Providence Canyon, Stewart County, Georgia–Evidence of Recent Rapid Erosion

Emmett L. Williams, Ph.D.

In 10 years of observing the erosion of unconsolidated sediments at Providence Canyon State Park in southwestern Georgia, it is concluded that catastrophic events are more devastating or ruinous than slow, gradual processes. More erosional work was accomplished during a catastrophe than that observed in previous and later years of "normal" erosion. Also the evidence of a catastrophic erosional and depositional event can be obscured by later "normal" erosional processes.

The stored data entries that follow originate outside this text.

Definition first_open_pattern f (e : edge) : bool :=
  if insub e.1.2 : option 'I_N is Some m then e.1.1 == f m else false.

Definition first_open_event f : set T :=
  [set t | forall e, e \in first_open_edges f -> omega e t = first_open_pattern f e].

Lemma first_open_edges_uniq f : uniq (first_open_edges f).
Proof.
apply: allpairs_uniq_dep => [|m _|[m j] [m' j'] _ _ /= [-> /val_inj ->]].
- exact: enum_uniq.
- exact: iota_uniq.
- by [].
Qed.

Lemma first_open_event_prob f :
  P (first_open_event f) = (\prod_(m : 'I_N) ((1 - p) ^+ f m * p))%:E.
Proof.
rewrite /first_open_event (omegaP.2 _ _ (first_open_edges_uniq f)) big_allpairs_dep.
rewrite big_enum; congr (_%:E); apply: eq_bigr => m _.
rewrite -prod_iota_first_success; apply: eq_bigr => j _.
by rewrite /first_open_pattern /= valK vertical_prob.
Qed.

Lemma climbable_first_open t :
  climbable i N (fun e => omega e t) -> exists f, first_open_event f t.
Proof.
move=> cl.
have /fin_all_exists[f fP] : forall m : 'I_N, exists j : 'I_i.+1,
    omega (nat_of_ord j, nat_of_ord m, false) t /\
    forall k, (k < j)%N -> ~~ omega (k, nat_of_ord m, false) t.
  move=> m; have [j0 j0i open_j0] := cl m (ltn_ord m).
  case: (ex_minnP (ex_intro (fun j => omega (j, nat_of_ord m, false) t) j0 open_j0)).
  move=> j open_j jmin; have ji : (j < i.+1)%N by apply: leq_ltn_trans (jmin _ open_j0) _.
  exists (Ordinal ji); split => // k kj; apply/negP => /jmin.
  by rewrite leqNgt kj.
exists [ffun m => f m] => e /allpairsPdep[m [j [_ + ->]]].
rewrite mem_iota add0n ltnS /first_open_pattern /= valK !ffunE => jm.
have [->|jfm] := eqVneq j (f m); first by case: (fP m).
have jlt : (j < f m)%N by rewrite ltn_neqAle jfm.
by apply/negbTE; case: (fP m) => _; apply.
Qed.

End first_open.

Lemma perc_event_prob_le (N i : nat) (p ph : R) :
    (forall j m, pe (j, m, false) = p) -> (forall n, pe (i, n, true) = ph) ->
  (P (perc_event omega) <= (N%:R * ph + (1 - (1 - p) ^+ i.+1) ^+ N)%:E)%E.
Proof.
move=> vertical_prob horizontal_prob.
pose F (x : 'I_N + {ffun 'I_N -> 'I_i.+1}) : set T :=
  match x with
  | inl n => [set t | omega (i, nat_of_ord n, true) t]
  | inr f => first_open_event f
  end.
apply: le_trans (le_measure_fincover P (F := F) measurable_perc_event _ _) _.
- by case=> [n|f]; [exact: measurable_edge_open|exact: measurable_edge_pattern].
- move=> t /= /(perc_exit_or_climb i N) [[n nN open_n]|].
    by exists (inl (Ordinal nN)).
  by move/(climbable_first_open (N := N)) => [f ?]; exists (inr f).
rewrite big_sumType /= EFinD; apply: leeD.
  under eq_bigr do rewrite edge_open_prob horizontal_prob.
  by rewrite sumEFin sumr_const card_ord mulr_natl.
under eq_bigr do rewrite (first_open_event_prob vertical_prob).
rewrite sumEFin -(bigA_distr_bigA (fun (m : 'I_N) (j : 'I_i.+1) => (1 - p) ^+ j * p)).
by rewrite prodr_const card_ord sum_first_success.
Qed.

End bernoulli_edges.

Lemma crossing_bound_small (R : archiRealFieldType) (eps : R) : 0 < eps ->
  exists2 delta, 0 < delta & forall u, 0 < u <= delta ->
    exists N, N%:R * u ^+ 2 + (1 - u) ^+ N <= eps.
Proof.
move=> eps0; have inv_eps0 : 0 <= 2 / eps by rewrite divr_ge0 ?ltW.
set K := Num.bound (2 / eps + eps).
have epsK : 2 / eps + eps < K%:R by rewrite archi_boundP // addr_ge0 // ltW.
have K10 : 0 < K%:R + 1 :> R by rewrite ltr_wpDl.
exists (eps / 2 / (K%:R + 1)); first by rewrite !divr_gt0.
set delta := _ / _ => u /andP[u0 udelta].
have Kdelta : delta * (K%:R + 1) = eps / 2 by rewrite divfK ?gt_eqF.
have u1 : u <= 1 by nra.
exists (Num.truncn (K%:R / u)).+1; set N := (Num.truncn _).+1.
have KNu : K%:R < N%:R * u by rewrite -ltr_pdivrMr // truncnS_gt.
have NuK : N%:R * u <= K%:R + 1.
  have : N%:R <= K%:R / u + 1 by rewrite -natr1 lerD2r truncn_le divr_ge0 ?ltW.
  by move/(ler_wpM2r (ltW u0)); rewrite mulrDl divfK ?gt_eqF // mul1r; lra.
have geo : (1 - u) ^+ N * (1 + N%:R * u) <= 1.
  have u01 : 0 <= u <= 1 by rewrite ltW.
  have := @prod1B_mul1D_sum_le1 _ _ (index_iota 0 N) (fun _ => u) (fun=> u01).
  by rewrite prodr_const_nat sumr_const_nat subn0 mulr_natl.
have Nu2 : N%:R * u ^+ 2 <= eps / 2 by nra.
move: geo; set X := (1 - u) ^+ N => geo.
have X0 : 0 <= X by rewrite exprn_ge0 //; lra.
have : X * (2 / eps) <= 1 by nra.
rewrite -ler_pdivlMr ?divr_gt0 // invf_div; lra.
Qed.

Lemma edge_len_horizontal (R : realType) (xs : nat -> R) i n :
  edge_len xs (i, n, true) = xs i.
Proof. by rewrite /= /column big_ord_recr /= addrAC subrr add0r. Qed.

Definition long_edge_ratio (R : realType) (p : R) : R := 2 * ln (1 - p) / ln p.

Lemma powR_long_edge_ratio (R : realType) (p : R) n : 0 < p < 1 ->
  p `^ (long_edge_ratio p * n%:R) = ((1 - p) ^+ n) ^+ 2.
Proof.
case/andP=> p0 p1; have q0 : 0 < 1 - p by rewrite subr_gt0.
have ratio : p `^ long_edge_ratio p = (1 - p) ^+ 2.
  rewrite /powR gt_eqF // /long_edge_ratio divfK; last by rewrite lt_eqF // ln_lt0 ?p0.
  by rewrite -powR_mulrn ?ltW // /powR gt_eqF.
by rewrite powRrM ratio powR_mulrn ?exprn_ge0 ?ltW // exprAC.
Qed.

Lemma long_edge_ratio_gt0 (R : realType) (p : R) : 0 < p < 1 -> 0 < long_edge_ratio p.
Proof.
case/andP=> p0 p1; have lnq : ln (1 - p) < 0 by rewrite ln_lt0 // subr_gt0 p1; lra.
have lnp : ln p < 0 by rewrite ln_lt0 ?p0.
by rewrite /long_edge_ratio -mulrNN -invrN mulr_gt0 ?invr_gt0 ?oppr_gt0 // pmulr_rlt0.
Qed.

Section deterministic_environment.
Variables (R : realType) (xs : nat -> R) (p : R).
Variables (dT : measure_display) (T : measurableType dT) (P : probability T R).
Variable (omega : edge -> T -> bool).
Hypothesis omegaP : bernoulli_edges P (fun e => p `^ edge_len xs e) omega.

Let perc_le N i : 0 <= p ->
  (P (perc_event omega) <= (N%:R * p `^ xs i + (1 - (1 - p) ^+ i.+1) ^+ N)%:E)%E.
Proof.
move=> p0; apply: (perc_event_prob_le omegaP) => [j m|n].
  exact: powRr1.
by rewrite edge_len_horizontal.
Qed.

Lemma perc_prob0_p0 : p = 0 -> (forall k, 0 < xs k) -> P (perc_event omega) = 0%E.
Proof.
move=> p_eq0 xs0; apply/eqP; rewrite eq_le measure_ge0 andbT.
have p0 : 0 <= p by rewrite p_eq0.
have := perc_le 1 0 p0.
by rewrite p_eq0 powR0 ?gt_eqF // subr0 !expr1 subrr mulr0 add0r.
Qed.

Lemma perc_prob0_long_edges : 0 < p < 1 ->
    (forall k, exists2 i, (k <= i)%N & long_edge_ratio p * i.+1%:R <= xs i) ->
  P (perc_event omega) = 0%E.
Proof.
move=> /[dup] /andP[p0 p1] p01 long_edges.
apply/eqP; rewrite eq_le measure_ge0 andbT; apply/lee_addgt0Pr => eps eps0.
rewrite add0e; have [delta delta0 small] := crossing_bound_small eps0.
have : (GRing.exp (1 - p) : R^nat) @ \oo --> 0.
  by apply: cvg_expr; rewrite ger0_norm; lra.
move/cvgr0_norm_le/(_ _ delta0) => [i0 _ geo_small].
have [i i0i long_i] := long_edges i0; set u := (1 - p) ^+ i.+1.
have u0 : 0 < u by rewrite exprn_gt0 // subr_gt0.
have udelta : u <= delta.
  by have := geo_small i.+1 (leqW i0i); rewrite ger0_norm // ltW.
have [|N crossing_small] := small u; first by rewrite u0.
apply: le_trans (perc_le N i (ltW p0)) _; rewrite lee_fin -/u.
have long_i_small : p `^ xs i <= u ^+ 2.
  rewrite -powR_long_edge_ratio //; apply: ger_powR long_i.
  by rewrite p0 ltW.
apply: le_trans crossing_small; rewrite lerD2r ler_wpM2l //.
Qed.

End deterministic_environment.

Lemma nneseries_pinfty_unbounded (R : realType) (u : nat -> R) :
    (forall n, 0 <= u n) -> (\sum_(n <oo) (u n)%:E = +oo)%E ->
  forall M, exists K, M < \sum_(n < K) u n.
Proof.
move=> u0 u_oo M; apply: contrapT => bounded.
suff : (\sum_(n <oo) (u n)%:E <= M%:E)%E by rewrite u_oo leye_eq.
apply: lime_le; first by apply: is_cvg_nneseries => n _ _; rewrite lee_fin.
apply: nearW => K /=; rewrite sumEFin lee_fin big_mkord leNgt.
by apply/negP => MK; apply: bounded; exists K.
Qed.

Lemma powR_le1D (R : realType) (x eta : R) : 0 < x -> 0 <= eta <= 1 ->
  x `^ eta <= 1 + x.
Proof.
move=> x0 /andP[eta0 eta1]; have [x1|x1] := lerP x 1.
  apply: le_trans (ger_powR _ eta0) _; first by rewrite x0 x1.
  by rewrite powRr0 lerDl ltW.
by apply: le_trans (ler1_powR (ltW x1) eta1) _; rewrite lerDr.
Qed.

Section iid_sequence.
Variables (R : realType) (d : measure_display) (Omega : measurableType d).
Variables (Q : probability Omega R) (xi : nat -> Omega -> R).
Hypothesis xi_iid : iid_seq Q xi.

Lemma measurable_xi_preimage k (B : set R) :
  measurable B -> measurable (xi k @^-1` B).
Proof.
by case: xi_iid => mxi _ _ mB; rewrite -[_ @^-1` _]setTI; exact: mxi.
Qed.

Section second_borel_cantelli.
Variable B : nat -> set R.
Hypothesis mB : forall n, measurable (B n).
Hypothesis B_oo : (\sum_(n <oo) Q (xi n @^-1` B n) = +oo)%E.

Let r n := fine (Q (xi n @^-1` B n)).

Let Q_B n : Q (xi n @^-1` B n) = (r n)%:E.
Proof. by rewrite fineK // fin_num_measure //; exact: measurable_xi_preimage. Qed.

Let r01 n : 0 <= r n <= 1.
Proof.
by rewrite -!lee_fin -Q_B measure_ge0 probability_le1 //; exact: measurable_xi_preimage.
Qed.

Let avoid_from k := [set w | forall i, (k <= i)%N -> ~ B i (xi i w)].

Let measurable_avoid_from k : measurable (avoid_from k).
Proof.
rewrite (_ : avoid_from k = \bigcap_(i in [set i | (k <= i)%N]) (xi i @^-1` ~` B i)).
  by apply: bigcap_measurableType => i _; exact/measurable_xi_preimage/measurableC.
by apply/seteqP; split => w /= avoid i; exact: avoid.
Qed.

Let Q_avoid_window (s : seq nat) : uniq s ->
  Q [set w | forall i, i \in s -> (~` B i) (xi i w)] = (\prod_(i <- s) (1 - r i))%:E.
Proof.
case: xi_iid => _ _ indep s_uniq.
rewrite (indep _ (fun i => ~` B i)) // => [|i]; last exact: measurableC.
rewrite -prodEFin; apply: eq_bigr => i _.
by rewrite -preimage_setC probability_setC ?Q_B //; exact: measurable_xi_preimage.
Qed.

Polar Dinosaurs and the Genesis Flood

Michael J. Oard, M.S.

Many dinosaur fossils have recently been discovered at polar latitudes. Warm-climate vegetation is also found at these latitudes. However, general circulation climate models consistently show that mid and high latitude continental areas would be very cold in winter during the Cretaceous and early Tertiary. This contradictory information is difficult for the uniformitarian scientist to explain. The creationist model offers at least three possible solutions to this mystery. One solution is especially emphasized because it also provides a possible solution to two creationist problems: 1) billions of dinosaur tracks found around the world and 2) dinosaur nests with newly hatched baby dinosaurs. Both of these events occurred on top of thousands of meters of Flood sediment. It is proposed that a strip of land, roughly paralleling the continental divide of North America, was temporarily exposed during the first 150 days of the Flood.